AI Department, IT Convergence R &D Center, Vitasoft, Seoul, South Korea.
School of Computer Science and Engineering, Kyungpook National University, Daegu, 41586, South Korea.
Sci Rep. 2023 Mar 3;13(1):3595. doi: 10.1038/s41598-023-30480-8.
Extracting useful features at multiple scales is a crucial task in computer vision. The emergence of deep-learning techniques and the advancements in convolutional neural networks (CNNs) have facilitated effective multiscale feature extraction that results in stable performance improvements in numerous real-life applications. However, currently available state-of-the-art methods primarily rely on a parallel multiscale feature extraction approach, and despite exhibiting competitive accuracy, the models lead to poor results in efficient computation and low generalization on small-scale images. Moreover, efficient and lightweight networks cannot appropriately learn useful features, and this causes underfitting when training with small-scale images or datasets with a limited number of samples. To address these problems, we propose a novel image classification system based on elaborate data preprocessing steps and a carefully designed CNN model architecture. Specifically, we present a consecutive multiscale feature-learning network (CMSFL-Net) that employs a consecutive feature-learning approach based on the usage of various feature maps with different receptive fields to achieve faster training/inference and higher accuracy. In the conducted experiments using six real-life image classification datasets, including small-scale, large-scale, and limited data, the CMSFL-Net exhibits an accuracy comparable with those of existing state-of-the-art efficient networks. Moreover, the proposed system outperforms them in terms of efficiency and speed and achieves the best results in accuracy-efficiency trade-off.
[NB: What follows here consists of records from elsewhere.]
(* Let $G$ be the $m\times n$ grid with $m,n\ge 2$, and let $L$ be a landmark set with $(1,z),(m,z')\in L$, where $1\le z<z'\le n$, such that $L$ contains no vertex $(1,w)$ with $z<w\le z'$. Then $L$ contains a vertex $(a,b)$ such that either ($b\le z$ and $a>1$) or ($b>z'$ and $a=1$).
   Context: The $m\times n$ grid $G$ has vertex set $V=\{(i,j):1\le i\le m,\ 1\le j\le n\}$, with $(i_1,j_1),(i_2,j_2)$ adjacent iff $|i_1-i_2|+|j_1-j_2|=1$; thus $d((i_1,j_1),(i_2,j_2))=|i_1-i_2|+|j_1-j_2|$. A vertex $x$ separates $u,v$ if $d(x,u)\neq d(x,v)$. A landmark set is $L\subseteq V$ such that every pair of distinct vertices is separated by some vertex of $L$. *)

From Stdlib Require Import Arith Lia.

Definition vertex : Type := (nat * nat)%type.

Definition in_grid (m n : nat) (v : vertex) : Prop :=
  1 <= fst v <= m /\ 1 <= snd v <= n.

Definition absdiff (a b : nat) : nat := (a - b) + (b - a).

Definition gdist (u v : vertex) : nat :=
  absdiff (fst u) (fst v) + absdiff (snd u) (snd v).

Definition separates (x u v : vertex) : Prop := gdist x u <> gdist x v.

Definition landmark_set (m n : nat) (L : vertex -> Prop) : Prop :=
  (forall v, L v -> in_grid m n v) /\
  (forall u v, in_grid m n u -> in_grid m n v -> u <> v ->
     exists x, L x /\ separates x u v).

From Stdlib Require Import Arith Lia.

(* The pair (1, z+1), (2, z) is equidistant from every vertex (a, b) with
   a = 1 and b <= z, or with a >= 2 and b > z.  So any landmark separating it
   has a = 1 and b > z (hence b > z' by the gap hypothesis), or a >= 2 and
   b <= z. *)

Lemma gdist_antidiagonal_eq (i j a b : nat) :
  (a <= i /\ b <= j) \/ (i < a /\ j < b) ->
  gdist (a, b) (i, S j) = gdist (a, b) (S i, j).
Proof. unfold gdist, absdiff; cbn [fst snd]; lia. Qed.

Lemma separator_antidiagonal (i j a b : nat) :
  separates (a, b) (i, S j) (S i, j) ->
  (a <= i /\ j < b) \/ (i < a /\ b <= j).
Proof.
  intro Hsep.
  destruct (le_lt_dec a i), (le_lt_dec b j); auto;
    exfalso; apply Hsep, gdist_antidiagonal_eq; lia.
Qed.

Theorem mainTheorem12 (m n : nat) (L : vertex -> Prop) (z z' : nat) :
  2 <= m -> 2 <= n ->
  landmark_set m n L ->
  1 <= z -> z < z' -> z' <= n ->
  L (1, z) -> L (m, z') ->
  (forall w, z < w <= z' -> ~ L (1, w)) ->
  exists a b, L (a, b) /\ ((b <= z /\ a > 1) \/ (z' < b /\ a = 1)).
Proof.
  intros Hm Hn [Hgrid Hsep] Hz Hzz' Hz'n _ _ Hgap.
  destruct (Hsep (1, S z) (2, z)) as [[a b] [HL Hab]];
    [unfold in_grid; simpl; lia .. | intro E; injection E; lia |].
  assert (Ha : 1 <= a) by (apply Hgrid in HL; unfold in_grid in HL; simpl in HL; lia).
  exists a, b; split; [exact HL |].
  destruct (separator_antidiagonal 1 z a b Hab) as [[Ha1 Hb] | [Ha1 Hb]].
  - assert (z' < b).
    { destruct (le_lt_dec b z'); [|lia].
      exfalso; apply (Hgap b); [lia |].
      replace 1 with a by lia; exact HL. }
    right; lia.
  - left; lia.
Qed.
Lemma comb_param_lam_close : (lam - 1) ^ 2 * INR w.-1 <= 1.
Proof.
have K_ge1 : 1 <= INR k by rewrite -/(INR 1); apply/le_INR/leP.
have -> : INR w.-1 = 8 * INR k ^ 2 + 1.
  by rewrite (_ : w.-1 = 8 * k * k + 1)%nat ?addn1 ?S_INR -?multE ?mult_INR /=; [ring | lia].
set u := / (4 * INR k); have uK : u * INR k = / 4 by rewrite /u; field; lra.
have u_gt0 : 0 < u by apply: Rinv_0_lt_compat; lra.
rewrite (_ : 1 + u - 1 = u); last by ring.
by rewrite /=; nra.
Qed.

Lemma comb_param_excited : INR #|comb_excited m w| <= 1 * sqrt (INR (m * w).+2).
Proof.
have K_ge0 := pos_INR k.
apply: (Rle_trans _ (INR m)).
  by apply/le_INR/leP; apply: card_comb_excited; [exact: comb_param_m_gt0 | exact: comb_param_w_large].
have m_le : INR m <= 4 * INR k ^ 2.
  apply: (Rle_trans _ (INR (4 * k * k))); first by apply/le_INR/leP; lia.
  by rewrite -!multE !mult_INR /=; nra.
rewrite Rmult_1_l comb_param_size -(sqrt_square _ (pos_INR m)).
by apply: sqrt_le_1; have := pos_INR m; nra.
Qed.

Lemma comb_param_hit_bound :
  / 2 * exp (sqrt (sqrt (INR (m * w).+2)) / 100) <= lam ^ m.+1 - 1.
Proof.
have two_pow_le : 2 ^ k <= lam ^ m.+1.
  have kk_gt0 : (0 < 4 * k * k)%nat by nia.
  rewrite (prednK kk_gt0) -!multE (pow_mult _ (4 * k)%coq_nat k).
  have INR_4k : INR (4 * k)%coq_nat = 4 * INR k by rewrite mult_INR /=; ring.
  by apply: pow_incr; split; [lra | rewrite -INR_4k; apply: two_le_pow_1_inv; lia].
have two_le : 2 <= 2 ^ k by rewrite -{1}(pow_1 2); apply: Rle_pow; [lra | apply/leP].
by rewrite comb_param_size; have := exp_qroot_le_two_pow k_gt0; lra.
Qed.

End CombParameters.

Local Close Scope R_scope.

Theorem theorem1p2 :
  exists c C : R, (0 < c)%R /\ (0 < C)%R /\
  forall N : nat, exists n : nat, (N <= n)%N /\
    exists (e : rel 'I_n) (a b : 'I_n) (X : {set 'I_n}),
      simple_graph e /\ connected_graph e /\ max_degree_3 e /\
      (INR #|X| <= C * sqrt (INR n))%R /\
      forall g : 'I_n -> seq 'I_n, geodesic_choice e b g ->
        expected_hit_ge e X g a b (c * exp (sqrt (sqrt (INR n)) / 100))%R.
Proof.
exists (/ 2)%R, 1%R; split; [lra | split; [lra | move=> N]].
have k_gt0 : 0 < N.+1 by [].
have m_gt0 := comb_param_m_gt0 k_gt0; have w_large := comb_param_w_large k_gt0.
exists ((4 * N.+1 * N.+1).-1 * (8 * N.+1 * N.+1 + 2)).+2; split; first by nia.
exists (@comb _ _), (comb_a _ _), (comb_b _ _), (comb_excited _ _).
split; first exact: comb_simple.
split; first exact: comb_connected.
split; first exact: comb_max_degree_3.
split; first exact: comb_param_excited.
move=> g geo_g; apply: expected_hit_ge_le (comb_param_hit_bound k_gt0) _.
exact: (comb_expected_hit_ge m_gt0 w_large (comb_param_lam_ge1 k_gt0)
  (comb_param_lam_close k_gt0) geo_g).
Qed.
(* Consider a unitary multi-parameter channel $\rho_0\mapsto U(\theta)\rho_0U(\theta)^\dagger$ on $\mathbb{C}^d$, $\theta=(\theta^1,\dots,\theta^m)\in\mathbb{R}^m$, with $U(\theta)$ unitary and differentiable, and fixed pure input $\rho_0=|\psi_0\rangle\langle\psi_0|$. Let $H(\theta)$ be the SLD quantum information matrix of $\rho_{out}(\theta)=U(\theta)\rho_0U(\theta)^\dagger$ and $C_\Upsilon(\theta)_{jk}=4\,\mathrm{Re}\,\mathrm{tr}\{\frac{\partial U}{\partial\theta^j}\rho_0\frac{\partial U}{\partial\theta^k}^\dagger\}$. Then $H(\theta)=C_\Upsilon(\theta)$ if and only if $\mathrm{tr}\{U(\theta)\rho_0\frac{\partial U(\theta)}{\partial\theta^l}^\dagger\}=0$ for all $l$.
   Context: The SLD quantum information matrix of a family $\rho(\theta)$ is $H(\theta)_{jk}=\mathrm{Re}\,\mathrm{tr}\{\lambda^{(j)}\rho\lambda^{(k)}\}$, where $\lambda^{(j)}$ is a self-adjoint solution of $\partial\rho/\partial\theta^j=\frac12(\rho\lambda^{(j)}+\lambda^{(j)}\rho)$. For a unitary channel the canonical Kraus representation is the single operator $U(\theta)$, and $C_\Upsilon$ is the corresponding multi-parameter Sarovar–Milburn bound. *)

From HB Require Import structures.
From mathcomp Require Import all_boot all_order all_algebra.
From mathcomp Require Import all_classical all_reals all_analysis.
From mathcomp Require Import complex.
Set Implicit Arguments. Unset Strict Implicit. Unset Printing Implicit Defensive.
Import Order.TTheory GRing.Theory Num.Theory.
Import numFieldNormedType.Exports.
Local Open Scope ring_scope.

Definition adj (R : rcfType) (p q : nat) (A : 'M[R[i]]_(p, q)) : 'M[R[i]]_(q, p) :=
  (map_mx (@conjc R) A)^T.

Definition unitary (R : rcfType) (d : nat) (U : 'M[R[i]]_d) : Prop :=
  adj U *m U = 1%:M /\ U *m adj U = 1%:M.

Definition unit_dir (R : realType) (m : nat) (j : 'I_m) : 'rV[R]_m := delta_mx 0 j.
Arguments unit_dir : clear implicits.
Arguments unit_dir R [m] j.
(* Let $\mathbf{A}$ be a $(K_1,F_1,Z_1,S_1)$ PDA and $\mathbf{B}$ a $(K_2,F_2,Z_2,S_2)$ PDA. Then there exist integer sets $\mathcal{S}_\mathrm{m},\mathcal{S}_1,\ldots,\mathcal{S}_{K_1}$ and a $(K_1,K_2;F_1F_2;Z_1F_2,Z_2F_1;\mathcal{S}_\mathrm{m},\mathcal{S}_1,\ldots,\mathcal{S}_{K_1})$ HPDA such that $$\Big|\bigcup_{k_1=1}^{K_1}\mathcal{S}_{k_1}\Big|-|\mathcal{S}_\mathrm{m}|=S_1S_2,\qquad |\mathcal{S}_{k_1}|=F_1S_2\ \text{ for all }k_1\in[K_1].$$ Consequently, for every $N\ge K_1K_2$ there is an $F_1F_2$-division coded caching scheme with uncoded placement for the $(K_1,K_2;M_1,M_2;N)$ hierarchical caching system with $\frac{M_1}{N}=\frac{Z_1}{F_1}$, $\frac{M_2}{N}=\frac{Z_2}{F_2}$ and loads $$R_1=\frac{S_1S_2}{F_1F_2},\qquad R_2=\frac{S_2}{F_2}.$$
   Context: Notation: $[a]=\{1,\ldots,a\}$. PDA. For positive integers $K,F,Z,S$ and an integer set $\mathcal{S}$ with $|\mathcal{S}|=S$, an $F\times K$ array $\mathbf{Q}=(q_{j,k})$ with entries in $\{*\}\cup\mathcal{S}$ is a $(K,F,Z,S)$ placement delivery array (PDA) (over $\mathcal{S}$; by default $\mathcal{S}=[S]$) if: (C1) the symbol $*$ appears exactly $Z$ times in each column; (C2) each integer of $\mathcal{S}$ occurs at least once in the array; (C3) for two distinct entries $q_{j_1,k_1}=q_{j_2,k_2}=s$ with $s$ an integer, we have $j_1\ne j_2$, $k_1\ne k_2$, and $q_{j_1,k_2}=q_{j_2,k_1}=*$. HPDA. Let $K_1,K_2,F,Z_1,Z_2$ be positive integers with $Z_1<F$, $Z_2<F$, and let $\mathcal{S}_\mathrm{m},\mathcal{S}_1,\ldots,\mathcal{S}_{K_1}$ be sets of integers. An $F\times(K_1+K_1K_2)$ array $\mathbf{P}=(\mathbf{P}^{(0)},\mathbf{P}^{(1)},\ldots,\mathbf{P}^{(K_1)})$, where $\mathbf{P}^{(0)}=(p^{(0)}_{j,k_1})_{j\in[F],k_1\in[K_1]}$ has every entry equal to $*$ or to ''null'' (blank), and for each $k_1\in[K_1]$, $\mathbf{P}^{(k_1)}=(p^{(k_1)}_{j,k_2})_{j\in[F],k_2\in[K_2]}$ has entries in $\{*\}\cup\mathcal{S}_{k_1}$, is a $(K_1,K_2;F;Z_1,Z_2;\mathcal{S}_\mathrm{m},\mathcal{S}_1,\ldots,\mathcal{S}_{K_1})$ hierarchical placement delivery array (HPDA) if: (B1) each column of $\mathbf{P}^{(0)}$ contains exactly $Z_1$ stars; (B2) for each $k_1\in[K_1]$, $\mathbf{P}^{(k_1)}$ is a $(K_2,F,Z_2,|\mathcal{S}_{k_1}|)$ PDA over $\mathcal{S}_{k_1}$; (B3) each integer $s\in\mathcal{S}_\mathrm{m}$ occurs in exactly one of the subarrays $\mathbf{P}^{(1)},\ldots,\mathbf{P}^{(K_1)}$, and whenever $p^{(k_1)}_{j,k_2}=s\in\mathcal{S}_\mathrm{m}$ we have $p^{(0)}_{j,k_1}=*$; (B4) for any $k_1\ne k_1'\in[K_1]$, $j,j'\in[F]$, $k_2,k_2'\in[K_2]$ with $p^{(k_1)}_{j,k_2}=p^{(k_1')}_{j',k_2'}$ an integer: if $p^{(k_1)}_{j',k_2}$ is an integer then $p^{(0)}_{j',k_1}=*$; and if $p^{(k_1')}_{j,k_2'}$ is an integer then $p^{(0)}_{j,k_1'}=*$. Hierarchical caching model $(K_1,K_2;M_1,M_2;N)$. A server stores $N$ independent files $W_1,\ldots,W_N$, each uniformly distributed on $B$ bits. There are $K_1$ mirror sites, each with a cache of $M_1B$ bits, and $K_1K_2$ users $U_{k_1,k_2}$ ($k_1\in[K_1]$, $k_2\in[K_2]$), each with a cache of $M_2B$ bits; user $U_{k_1,k_2}$ is attached to mirror site $k_1$. The server reaches all mirror sites through one error-free broadcast link; mirror site $k_1$ reaches its $K_2$ attached users through an error-free broadcast link. An $F$-division scheme with uncoded placement ($F\mid B$): each file $W_n$ is split into $F$ packets $W_{n,1},\ldots,W_{n,F}$ of $B/F$ bits. In the placement phase (without knowledge of demands) mirror site $k_1$ stores a set $\mathcal{Z}_{k_1}$ of packets of total size at most $M_1B$ bits and user $U_{k_1,k_2}$ stores a set $\mathcal{Z}_{(k_1,k_2)}$ of packets of total size at most $M_2B$ bits. In the delivery phase, given a demand vector $\mathbf{d}=(d_{k_1,k_2})\in[N]^{K_1K_2}$, the server broadcasts to the mirror sites a message $X$ consisting of $S(\mathbf{d})$ packet-sized symbols, a function of the files and $\mathbf{d}$; each mirror site $k_1$ broadcasts to its attached users a message $X_{k_1}$ of $S_{k_1}(\mathbf{d})$ packet-sized symbols, a function of $X$, $\mathcal{Z}_{k_1}$ and $\mathbf{d}$; each user $U_{k_1,k_2}$ must recover $W_{d_{k_1,k_2}}$ from $X_{k_1}$, $\mathcal{Z}_{(k_1,k_2)}$ and $\mathbf{d}$. The loads are $R_1=\max_{\mathbf{d}}S(\mathbf{d})/F$ and $R_2=\max_{k_1,\mathbf{d}}S_{k_1}(\mathbf{d})/F$. *)

From HB Require Import structures.
From mathcomp Require Import all_boot all_order all_algebra.
From mathcomp Require Import finmap.


Unset Printing Implicit Defensive.
Import Order.TTheory GRing.Theory Num.Theory.
Local Open Scope fset_scope.

(* Arrays: an F x K array Q with entries in {*} u S is a function
   Q : 'I_F -> 'I_K -> option int, where None encodes the star "*"
   and Some s encodes the integer s. *)

Definition is_PDA_over (K F Z : nat) (S : {fset int})
    (Q : 'I_F -> 'I_K -> option int) : Prop :=
  [/\ [/\ 0 < K, 0 < F, 0 < Z & 0 < #|` S|]%N,
      (forall j k s, Q j k = Some s -> s \in S),
      (forall k, #|[set j | Q j k == None]| = Z),
      (forall s, s \in S -> exists j k, Q j k = Some s) &
      (forall j1 j2 k1 k2 s, Q j1 k1 = Some s -> Q j2 k2 = Some s ->
         (j1, k1) <> (j2, k2) ->
         [/\ j1 <> j2, k1 <> k2, Q j1 k2 = None & Q j2 k1 = None])].

Definition int_range (S : nat) : {fset int} := [fset Posz i | i in iota 1 S].

Definition is_PDA (K F Z S : nat) (Q : 'I_F -> 'I_K -> option int) : Prop :=
  is_PDA_over K F Z (int_range S) Q.

(* (K1,K2;F;Z1,Z2;Sm,S_1,...,S_K1) HPDA.
   P0 j k1 = true encodes "*" and false encodes "null" in the subarray P^(0);
   P k1 is the subarray P^(k1). *)
Definition is_HPDA (K1 K2 F Z1 Z2 : nat) (Sm : {fset int})
    (Ss : 'I_K1 -> {fset int}) (P0 : 'I_F -> 'I_K1 -> bool)
    (P : 'I_K1 -> 'I_F -> 'I_K2 -> option int) : Prop :=
  [/\ [/\ 0 < K1, 0 < K2, 0 < F, 0 < Z1 & 0 < Z2]%N,
      (Z1 < F /\ Z2 < F)%N,
      (forall k1, #|[set j | P0 j k1]| = Z1),
      (forall k1, is_PDA_over K2 F Z2 (Ss k1) (P k1)) &
      [/\
          (forall s, s \in Sm -> exists! k1, exists j k2, P k1 j k2 = Some s),
          (forall k1 j k2 s, P k1 j k2 = Some s -> s \in Sm -> P0 j k1) &
          (forall k1 k1' j j' k2 k2' s, k1 <> k1' ->
             P k1 j k2 = Some s -> P k1' j' k2' = Some s ->
             (P k1 j' k2 <> None -> P0 j' k1) /\
             (P k1' j k2' <> None -> P0 j k1'))]].

(* A file has B = F * L bits, split into F packets of
   L bits. *)

Definition packet (L : nat) := {ffun 'I_L -> bool}.
Definition library (N F L : nat) := 'I_N -> 'I_F -> packet L.
Definition demand (K1 K2 N : nat) := {ffun 'I_K1 * 'I_K2 -> 'I_N}.

Definition restrict (N F L : nat) (C : {set 'I_N * 'I_F}) (W : library N F L)
  : 'I_N -> 'I_F -> option (packet L) :=
  fun n f => if (n, f) \in C then Some (W n f) else None.

Arguments restrict {N F L} C W.

Section Scheme.
Variables (K1 K2 N F L : nat).

Record hier_scheme := HierScheme {
  mirror_cache : 'I_K1 -> {set 'I_N * 'I_F};
  user_cache : 'I_K1 -> 'I_K2 -> {set 'I_N * 'I_F};
  server_len : demand K1 K2 N -> nat;
  mirror_len : demand K1 K2 N -> 'I_K1 -> nat;
  server_msg : demand K1 K2 N -> library N F L -> seq (packet L);
  mirror_msg : demand K1 K2 N -> 'I_K1 -> seq (packet L) ->
               ('I_N -> 'I_F -> option (packet L)) -> seq (packet L);
  user_dec : demand K1 K2 N -> 'I_K1 -> 'I_K2 -> seq (packet L) ->
             ('I_N -> 'I_F -> option (packet L)) -> 'I_F -> packet L }.

Definition mirror_out (sch : hier_scheme) d k1 (W : library N F L) :=
  mirror_msg sch d k1 (server_msg sch d W) (restrict (mirror_cache sch k1) W).

(* validity of a scheme for memory sizes M1, M2 (in units of files) *)
Definition valid_scheme (M1 M2 : rat) (sch : hier_scheme) : Prop :=
  [/\
      (forall k1, ((#|mirror_cache sch k1| * L)%:R <= M1 * (F * L)%:R)%R),
      (forall k1 k2, ((#|user_cache sch k1 k2| * L)%:R <= M2 * (F * L)%:R)%R),
      (forall d W, size (server_msg sch d W) = server_len sch d),
      (forall d k1 W, size (mirror_out sch d k1 W) = mirror_len sch d k1) &
      (forall d k1 k2 W f,
         user_dec sch d k1 k2 (mirror_out sch d k1 W)
                  (restrict (user_cache sch k1 k2) W) f = W (d (k1, k2)) f)].

Definition load1 (sch : hier_scheme) : rat :=
  ((\max_(d : demand K1 K2 N) server_len sch d)%:R / F%:R)%R.
Definition load2 (sch : hier_scheme) : rat :=
  ((\max_(d : demand K1 K2 N) \max_(k1 < K1) mirror_len sch d k1)%:R / F%:R)%R.

End Scheme.

Arguments mirror_cache {K1 K2 N F L}.
Arguments user_cache {K1 K2 N F L}.
Arguments server_len {K1 K2 N F L}.
Arguments mirror_len {K1 K2 N F L}.
Arguments server_msg {K1 K2 N F L}.
Arguments mirror_msg {K1 K2 N F L}.
Arguments user_dec {K1 K2 N F L}.
Arguments mirror_out {K1 K2 N F L}.
Arguments valid_scheme {K1 K2 N F L}.
Arguments load1 {K1 K2 N F L}.
Arguments load2 {K1 K2 N F L}.

(* An HPDA yields a hierarchical scheme directly: mirror k1 caches the rows
   starred in column k1 of P0 and user (k1,k2) the rows starred in column k2
   of P^(k1).  For each integer s outside Sm the server sends the sum of the
   packets requested at the cells labelled s; mirror k1 forwards, for each s of
   its subarray, that sum minus the terms of the other mirrors whose rows it
   caches (for s in Sm, by (B3), it computes the sum from its cache alone).  By
   (C3) and (B4), every term left besides a user's own packet lies in a row that
   user caches.
   For PDAs A and B, the HPDA has the pairs (j1,j2) as rows, P0 repeats the
   stars of A along the rows of B, and subarray k1 carries at ((j1,j2),k2) the
   integer (s1,s2) when A(j1,k1) = s1 and B(j2,k2) = s2, and a fresh integer
   of Sm determined by (k1,j1,s2) when A(j1,k1) is a star.  The S1 S2 pairs are
   the server transmissions and each subarray uses F1 S2 integers. *)

From HB Require Import structures.
From mathcomp Require Import all_boot all_order all_algebra.
From mathcomp Require Import finmap.
Set Implicit Arguments.
Unset Strict Implicit.
Import GRing.Theory Num.Theory.
Local Open Scope fset_scope.

Lemma nth_index_map (T : eqType) (R : Type) (x0 : R) (f : T -> R) (s : seq T) x :
  x \in s -> nth x0 (map f s) (index x s) = f x.
Proof. by move=> sx; rewrite (nth_map x) ?index_mem // nth_index. Qed.

Lemma bigmax_const (T : finType) (c : nat) : 0 < #|T| -> \max_(i : T) c = c.
Proof.
case/card_gt0P=> i0 _; apply/eqP.
by rewrite eqn_leq (@leq_bigmax T (fun=> c) i0) andbT; apply/bigmax_leqP.
Qed.

Lemma natrM_div_mul (n F L : nat) : 0 < F ->
  ((n * L)%:R = n%:R / F%:R * (F * L)%:R :> rat)%R.
Proof. by move=> F_gt0; rewrite !natrM mulrA divfK // pnatr_eq0 -lt0n. Qed.

Lemma natr_divMr (n m c : nat) : 0 < c ->
  ((n * c)%:R / (m * c)%:R = n%:R / m%:R :> rat)%R.
Proof. by move=> c_gt0; rewrite !natrM -mulf_div divff ?mulr1 // pnatr_eq0 -lt0n. Qed.

Lemma card_setX_fst (T U : finType) (p : pred T) :
  #|[set x : T * U | p x.1]| = #|[set t | p t]| * #|U|.
Proof. by rewrite -cardsT -cardsX; apply: eq_card => -[t u]; rewrite !inE andbT. Qed.

Lemma card_setX_snd (T U : finType) (p : pred U) :
  #|[set x : T * U | p x.2]| = #|T| * #|[set u | p u]|.
Proof. by rewrite -cardsT -cardsX; apply: eq_card => -[t u]; rewrite !inE. Qed.

Definition mxvec_unindex {m n} (k : 'I_(m * n)) : 'I_m * 'I_n :=
  enum_val (cast_ord (esym (mxvec_cast m n)) k).

Lemma mxvec_unindexK m n (i : 'I_m) (j : 'I_n) : mxvec_unindex (mxvec_index i j) = (i, j).
Proof. by rewrite /mxvec_unindex /mxvec_index cast_ordK enum_rankK. Qed.

Lemma card_mxvec_unindex {m n} (p : pred ('I_m * 'I_n)) :
  #|[set k | p (mxvec_unindex k)]| = #|[set x | p x]|.
Proof.
have bij_unindex : bijective (@mxvec_unindex m n).
  exists (uncurry (@mxvec_index m n)) => [k | [i j]]; last by rewrite /= mxvec_unindexK.
  by case/mxvec_indexP: k => i j; rewrite mxvec_unindexK.
rewrite -(on_card_preimset (f := mxvec_unindex) (R := mem [set x | p x])).
  by apply: eq_card => k; rewrite !inE.
by apply: onW_bij.
Qed.

Lemma card_mxvec_fst {m n} (p : pred 'I_m) :
  #|[set k : 'I_(m * n) | p (mxvec_unindex k).1]| = #|[set i | p i]| * n.
Proof. by rewrite (card_mxvec_unindex (fun x : 'I_m * 'I_n => p x.1)) card_setX_fst card_ord. Qed.

Lemma card_mxvec_snd {m n} (p : pred 'I_n) :
  #|[set k : 'I_(m * n) | p (mxvec_unindex k).2]| = m * #|[set j | p j]|.
Proof. by rewrite (card_mxvec_unindex (fun x : 'I_m * 'I_n => p x.2)) card_setX_snd card_ord. Qed.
在计算机视觉中,从多个尺度提取有用特征是一项关键任务。深度学习技术的出现和卷积神经网络(CNN)的进步促进了有效的多尺度特征提取,从而在许多实际应用中实现了稳定的性能提升。然而,目前现有的最先进的方法主要依赖于并行多尺度特征提取方法,尽管表现出了竞争准确性,但这些模型在高效计算和小图像的低泛化方面的效果较差。此外,高效和轻量级的网络无法适当地学习有用的特征,这导致在使用小图像或样本数量有限的数据集进行训练时出现欠拟合。为了解决这些问题,我们提出了一种基于精心设计的数据预处理步骤和 CNN 模型架构的新型图像分类系统。具体来说,我们提出了一种连续多尺度特征学习网络(CMSFL-Net),它采用基于使用具有不同感受野的各种特征图的连续特征学习方法,以实现更快的训练/推理和更高的准确性。在使用包括小、大、小数据集的六个真实图像分类数据集进行的实验中,CMSFL-Net 表现出的准确性可与现有的最先进的高效网络相媲美。此外,与其他高效系统相比,该系统在效率和速度方面表现更好,并在准确性-效率权衡中取得了最佳结果。